=== WHAT NEEDS TO BE DONE ===
Your answer is the lines below, exactly, from the one that contains "- exact/ST." through the one that contains "Lemma monic_xn1 : xn1 F n \is monic.", both included.

(Data entries)

------

(* Let $\mathbb{F}$ be a finite field, $n$ a positive integer coprime with $|\mathbb{F}|$, and $\alpha\in\mathbb{F}$ with $\mathrm{ord}(\alpha)=n$. Let $A:=\mathbb{F}[x]/\langle x^n-1\rangle$. Let $\delta\in\mathbb{N}_0$ and $G:=\sum_{\nu=0}^{\delta}z^\nu\begin{pmatrix}1&\alpha^\nu&\alpha^{2\nu}&\ldots&\alpha^{(n-1)\nu}\end{pmatrix}\in\mathbb{F}[z]^{1\times n}$. Then the $\mathbb{F}$-algebra homomorphism $\sigma:A\to A$ defined by $\sigma(x)=\alpha x$ is an $\mathbb{F}$-automorphism of $A$, and the submodule $\mathcal{C}=\mathrm{im}\,G=\{uG\mid u\in\mathbb{F}[z]\}\subseteq\mathbb{F}[z]^n$ is $\sigma$-cyclic. In particular, if $\delta<n$, then $\mathcal{C}$ is a ($\sigma$-)cyclic MDS convolutional code with parameters $(n,1,\delta)$.
   Context: $\mathrm{ord}(\alpha)$ is the multiplicative order of $\alpha$. For $\sigma\in\mathrm{Aut}_{\mathbb{F}}(A)$, the skew polynomial ring $A[z;\sigma]$ is the set of polynomials $\sum_\nu z^\nu a_\nu$ ($a_\nu\in A$) with usual addition and multiplication determined by associativity, distributivity, the multiplication of $A$, and the rule $az=z\sigma(a)$ for $a\in A$. Let $\mathfrak{p}:\mathbb{F}^n\to A$, $(v_0,\ldots,v_{n-1})\mapsto\sum_{i=0}^{n-1}v_ix^i$, extended coefficientwise to $\mathfrak{p}:\mathbb{F}[z]^n\to A[z;\sigma]$, $\sum_\nu z^\nu v_\nu\mapsto\sum_\nu z^\nu\mathfrak{p}(v_\nu)$. A submodule $\mathcal{C}\subseteq\mathbb{F}[z]^n$ is $\sigma$-cyclic if $\mathfrak{p}(\mathcal{C})$ is a left ideal of $A[z;\sigma]$. A convolutional code with parameters $(n,1,\delta)$ is $\mathrm{im}\,G$ for a right invertible $G\in\mathbb{F}[z]^{1\times n}$ whose entries have maximum degree $\delta$; it is MDS if its free distance $\min\{\mathrm{wt}(v)\mid 0\ne v\in\mathcal{C}\}$ equals $n(\delta+1)$, where $\mathrm{wt}(\sum_j v_jz^j)=\sum_j(\text{Hamming weight of }v_j)$. *)

From HB Require Import structures.
From mathcomp Require Import all_boot all_order all_algebra.
Set Implicit Arguments. Unset Strict Implicit. Unset Printing Implicit Defensive.
Import Order.TTheory GRing.Theory.
Local Open Scope ring_scope.

(* Conventions.
   - F[z] is {poly F}; its variable 'X plays the role of z.
   - F[z]^n is 'rV[{poly F}]_n  (row vectors of polynomials).
   - A = F[x]/<x^n - 1> is MathComp's quotient ring {poly %/ ('X^n - 1)}
     (a commutative F-algebra; 'qX is the class of x).
   - The skew polynomial ring A[z;sigma] is represented by {poly A}
     (the coefficient sequence (a_nu)_nu of  sum_nu z^nu a_nu), with the usual
     addition and with the skew multiplication [skmul] determined by
     a z = z sigma(a), i.e.
       (sum_i z^i a_i)(sum_j z^j b_j) = sum_k z^k (sum_{i+j=k} sigma^j(a_i) b_j). *)

Section Defs.
Variable F : fieldType.

Definition xn1 (n : nat) : {poly F} := 'X^n - 1.

Definition Aring (n : nat) := {poly %/ xn1 n}.

Definition sigmaA (n : nat) (alpha : F) (a : Aring n) : Aring n :=
  in_qpoly (xn1 n) ((a : {poly F}) \Po (alpha *: 'X)).

Definition skmul (R : nzRingType) (sigma : R -> R) (a b : {poly R}) : {poly R} :=
  \poly_(k < size a + size b)
     \sum_(j < k.+1) iter j sigma (a`_(k - j)) * b`_j.

Definition left_ideal (R : nzRingType) (sigma : R -> R) (S : {poly R} -> Prop) :=
  [/\ S 0,
      (forall f g, S f -> S g -> S (f - g)) &
      (forall r f, S f -> S (skmul sigma r f))].

Definition pvec (n : nat) (v : 'rV[F]_n) : Aring n :=
  in_qpoly (xn1 n) (\sum_(i < n) v ord0 i *: 'X^i).

Definition pz (n : nat) (c : 'rV[{poly F}]_n) : {poly (Aring n)} :=
  \poly_(nu < \max_(i < n) size (c ord0 i)) pvec (\row_(i < n) (c ord0 i)`_nu).

Definition pimage (n : nat) (C : 'rV[{poly F}]_n -> Prop) : {poly (Aring n)} -> Prop :=
  fun f => exists2 c, C c & f = pz c.

Definition sigma_cyclic (n : nat) (sigma : Aring n -> Aring n)
  (C : 'rV[{poly F}]_n -> Prop) : Prop :=
  left_ideal sigma (pimage C).

Definition im_mx (k n : nat) (G : 'M[{poly F}]_(k, n)) : 'rV[{poly F}]_n -> Prop :=
  fun c => exists u : 'rV[{poly F}]_k, c = u *m G.

Definition right_invertible (k n : nat) (G : 'M[{poly F}]_(k, n)) : Prop :=
  exists H : 'M[{poly F}]_(n, k), G *m H = 1%:M.

Definition max_entry_deg (k n : nat) (G : 'M[{poly F}]_(k, n)) : nat :=
  \max_(i < k) \max_(j < n) (size (G i j)).-1.

Definition conv_code (n k delta : nat) (C : 'rV[{poly F}]_n -> Prop) : Prop :=
  exists G : 'M[{poly F}]_(k, n),
    [/\ right_invertible G, max_entry_deg G = delta &
        forall c, C c <-> im_mx G c].

Definition wt (n : nat) (v : 'rV[{poly F}]_n) : nat :=
  \sum_(i < n) count (fun a : F => a != 0%R) (v ord0 i : seq F).

Definition free_distance_eq (n : nat) (C : 'rV[{poly F}]_n -> Prop) (d : nat) : Prop :=
  (exists c, [/\ C c, c != 0 & wt c = d]) /\
  (forall c, C c -> c != 0 -> (d <= wt c)%N).

Definition MDS (n delta : nat) (C : 'rV[{poly F}]_n -> Prop) : Prop :=
  free_distance_eq C (n * delta.+1).

Definition Gvand (n delta : nat) (alpha : F) : 'rV[{poly F}]_n :=
  \row_(i < n) \sum_(nu < delta.+1) (alpha ^+ (i * nu)) *: 'X^nu.

End Defs.

Arguments sigmaA {F} n alpha a.
Arguments conv_code {F} n k delta C.
Arguments MDS {F} n delta C.
Arguments pvec {F} n v.

(* Under [p], a codeword [U G] becomes [U g] with
   [g = \sum_(nu <= delta) z^nu sigma^nu(e)] and [e = 1 + x + ... + x^(n-1)].
   Since [a e = a(1) e] in [A], the skew product [(z^m a) (U g)] is again an
   F[z]-multiple of [g] (with coefficients [U_i * sigma^i(a)(1)]), so these
   multiples form a left ideal of [A[z; sigma]].
   For the distance, the coefficient of [z^k] in the [i]-th entry of [U G] is
   [P_k(alpha^i)], where [P_k] is built from a window of coefficients of [U].
   A nonzero polynomial supported in degrees [s..t] vanishes at no more than
   [t - s] of the distinct nonzero [alpha^i]; summing these bounds over the
   support of [U G] gives weight at least [n (delta + 1)], which [G] attains. *)

From HB Require Import structures.
From mathcomp Require Import all_boot all_order all_algebra.
From mathcomp Require Import zify.
Set Implicit Arguments. Unset Strict Implicit. Unset Printing Implicit Defensive.
Import GRing.Theory Pdiv.RingMonic.
Local Open Scope ring_scope.

Section SkewProduct.
Variables (R : nzRingType) (sigma : {additive R -> R}).

Lemma iter_sigma0 j : iter j sigma 0 = 0.
Proof. by elim: j => //= j ->; rewrite raddf0. Qed.

Lemma iter_sigmaD j : {morph iter j sigma : x y / x + y}.
Proof. by elim: j => // j IHj x y; rewrite /= IHj raddfD. Qed.

Lemma coef_skmul (a b : {poly R}) k :
  (skmul sigma a b)`_k = \sum_(j < k.+1) iter j sigma a`_(k - j) * b`_j.
Proof.
rewrite coef_poly; case: ltnP => // hk; symmetry; apply: big1 => j _.
have [jb | bj] := ltnP j (size b); last by rewrite (nth_default _ bj) mulr0.
rewrite (@nth_default _ _ a (k - j)) ?iter_sigma0 ?mul0r // leq_subRL.
  by apply: leq_trans hk; rewrite addnC leq_add2l ltnW.
by apply: leq_trans hk; rewrite (leq_trans (ltnW jb)) ?leq_addl.
Qed.

Lemma skmul0l (b : {poly R}) : skmul sigma 0 b = 0.
Proof.
apply/polyP => k; rewrite coef_skmul coef0 big1 // => j _.
by rewrite coef0 iter_sigma0 mul0r.
Qed.

Lemma skmulDl (a1 a2 b : {poly R}) :
  skmul sigma (a1 + a2) b = skmul sigma a1 b + skmul sigma a2 b.
Proof.
apply/polyP => k; rewrite coefD !coef_skmul -big_split /=.
by apply: eq_bigr => j _; rewrite coefD iter_sigmaD mulrDl.
Qed.

Lemma skmul_mulX (a b : {poly R}) :
  skmul sigma (a * 'X) b = skmul sigma a b * 'X.
Proof.
apply/polyP => -[|k]; rewrite coefMX coef_skmul /=.
  by rewrite big_ord1 coefMX iter_sigma0 mul0r.
rewrite big_ord_recr /= subnn coefMX -iterS iter_sigma0 mul0r addr0 coef_skmul.
by apply: eq_bigr => j _; rewrite coefMX subSn ?ltn_ord // -ltnS.
Qed.

Lemma skmulCl (c : R) (b : {poly R}) :
  skmul sigma c%:P b = \poly_(j < size b) (iter j sigma c * b`_j).
Proof.
apply/polyP => k; rewrite coef_skmul coef_poly big_ord_recr /= subnn coefC /=.
rewrite big1 ?add0r => [|j _]; last first.
  by rewrite coefC subn_eq0 leqNgt ltn_ord iter_sigma0 mul0r.
by case: ltnP => // kb; rewrite nth_default ?mulr0.
Qed.

End SkewProduct.

Section SkewMultiples.
Variables (F : fieldType) (R : algType F) (sigma : {linear R -> R}).
Hypothesis sigmaM : {morph sigma : x y / x * y}.
Variables (eps : R -> F) (e : R).
Hypothesis mul_e : forall a, a * e = eps a *: e.

Local Notation "U ^A" := (map_poly (in_alg R) U) (format "U ^A").

Definition Fz_multiples (g : {poly R}) : {poly R} -> Prop :=
  fun P => exists U : {poly F}, P = U^A * g.

Lemma iter_sigmaZ j c : {morph iter j sigma : x / c *: x}.
Proof. by elim: j => // j IHj x; rewrite /= IHj linearZ. Qed.

Lemma iter_sigmaM j : {morph iter j sigma : x y / x * y}.
Proof. by elim: j => // j IHj x y; rewrite /= IHj sigmaM. Qed.

Lemma iter_sigma_mul_e j nu a : (nu <= j)%N ->
  iter j sigma a * iter nu sigma e = eps (iter (j - nu) sigma a) *: iter nu sigma e.
Proof.
by move=> le_nu_j; rewrite -{1}(subnKC le_nu_j) iterD -iter_sigmaM mul_e iter_sigmaZ.
Qed.

Variable d : nat.
Local Notation g := (\poly_(nu < d) iter nu sigma e).

Lemma skmulCl_multiple c U :
  skmul sigma c%:P (U^A * g) =
    (\poly_(i < size U) (U`_i * eps (iter i sigma c)))^A * g.
Proof.
rewrite skmulCl; apply/polyP => j; rewrite coef_poly.
set W := \poly_(i < size U) _.
suff -> : (W^A * g)`_j = iter j sigma c * (U^A * g)`_j.
  by case: ltnP => // hj; rewrite nth_default ?mulr0.
rewrite !coefM mulr_sumr; apply: eq_bigr => i _.
rewrite !coef_map coef_poly /= !mulr_algl -scalerAr.
have [iU | Ui] := ltnP i (size U); last by rewrite (nth_default _ Ui) !scale0r.
rewrite coef_poly; case: ifP => _; last by rewrite mulr0 !scaler0.
by rewrite (iter_sigma_mul_e c (leq_subr i j)) subKn ?scalerA // -ltnS.
Qed.

Lemma Fz_multiples_left_ideal : left_ideal sigma (Fz_multiples g).
Proof.
split.
- by exists 0; rewrite rmorph0 mul0r.
- by move=> _ _ [U ->] [V ->]; exists (U - V); rewrite rmorphB mulrBl.
move=> r _ [U ->]; elim/poly_ind: r => [|r c [V skmul_r]].
  by exists 0; rewrite skmul0l rmorph0 mul0r.
rewrite skmulDl skmul_mulX skmul_r skmulCl_multiple.
exists (V * 'X + \poly_(i < size U) (U`_i * eps (iter i sigma c))).
by rewrite rmorphD rmorphM /= map_polyX mulrDl -!mulrA (commr_polyX g).
Qed.

End SkewMultiples.

Lemma left_ideal_ext (R : nzRingType) (sigma : R -> R) (S T : {poly R} -> Prop) :
  (forall P, S P <-> T P) -> left_ideal sigma S -> left_ideal sigma T.
Proof.
move=> ST [S0 SB SM]; split.
- exact/ST.
- by move=> f g /ST Sf /ST Sg; apply/ST/SB.
- by move=> r f /ST Sf; apply/ST/SM.
Qed.

Section QuotientTwist.
Variables (F : fieldType) (n : nat).
Hypothesis n_gt0 : (0 < n)%N.
Local Notation A := (Aring F n).
Local Notation inA := (in_qpoly (xn1 F n)).

Lemma monic_xn1 : xn1 F n \is monic.
Proof. by rewrite /xn1 -polyC1 monicXnsubC. Qed.

Lemma mk_monic_xn1 : mk_monic (xn1 F n) = xn1 F n.
Proof. by rewrite /mk_monic size_Xn_sub_1 // ltnS n_gt0 monic_xn1. Qed.

Lemma in_qpolyK (a : A) : inA a = a.
Proof. by apply: val_inj; apply: in_qpoly_small; apply: size_mk_monic. Qed.

Lemma in_qpoly_mulr_xn1 q : inA (q * xn1 F n) = 0.
Proof.
by apply: val_inj; rewrite /= mk_monic_xn1 rmodp_mull ?monic_xn1.
Qed.

Lemma xn1_comp_scale (b : F) : b ^+ n = 1 -> xn1 F n \Po (b *: 'X) = xn1 F n.
Proof.
by move=> bn; rewrite /xn1 comp_polyB comp_Xn_poly comp_polyC exprZn bn scale1r.
Qed.

Lemma sigmaA_in_qpoly (b : F) q : b ^+ n = 1 ->
  sigmaA n b (inA q) = inA (q \Po (b *: 'X)).
Proof.
move=> bn; rewrite /sigmaA /= mk_monic_xn1.
rewrite [in RHS](rdivp_eq monic_xn1 q) comp_polyD comp_polyM xn1_comp_scale //.
by rewrite rmorphD /= in_qpoly_mulr_xn1 add0r.
Qed.

Lemma sigmaA_is_linear (b : F) : linear (sigmaA n b).
Proof. by move=> c x y; rewrite /sigmaA /= comp_polyD comp_polyZ linearP. Qed.

HB.instance Definition _ (b : F) :=
  GRing.isLinear.Build F A A *:%R (sigmaA n b) (sigmaA_is_linear b).

Lemma sigmaA_monoid_morphism (b : F) : b ^+ n = 1 -> monoid_morphism (sigmaA n b).
Proof.
move=> bn; split; first by rewrite -in_qpoly1 sigmaA_in_qpoly // comp_polyC.
move=> x y; rewrite -[x * y]/(inA ((x : {poly F}) * y)) sigmaA_in_qpoly //.
by rewrite comp_polyM rmorphM.
Qed.

Lemma sigmaA1 : sigmaA n (1 : F) =1 id.
Proof. by move=> x; rewrite /sigmaA scale1r comp_polyXr in_qpolyK. Qed.

Lemma sigmaA_comp (b c : F) x : b ^+ n = 1 ->
  sigmaA n b (sigmaA n c x) = sigmaA n (c * b) x.
Proof.
move=> bn; rewrite [sigmaA n c x]/sigmaA sigmaA_in_qpoly // -comp_polyA.
by rewrite comp_polyZ comp_polyX scalerA.
Qed.

Lemma iter_sigmaA (b : F) j : b ^+ n = 1 ->
  iter j (sigmaA n b) =1 sigmaA n (b ^+ j).
Proof.
move=> bn; elim: j => [|j IHj] x /=; first by rewrite sigmaA1.
by rewrite IHj sigmaA_comp // exprSr.
Qed.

------

=== RESPONSE FOR THIS EXERCISE ===
- exact/ST.
- by move=> f g /ST Sf /ST Sg; apply/ST/SB.
- by move=> r f /ST Sf; apply/ST/SM.
Qed.

Section QuotientTwist.
Variables (F : fieldType) (n : nat).
Hypothesis n_gt0 : (0 < n)%N.
Local Notation A := (Aring F n).
Local Notation inA := (in_qpoly (xn1 F n)).

Lemma monic_xn1 : xn1 F n \is monic.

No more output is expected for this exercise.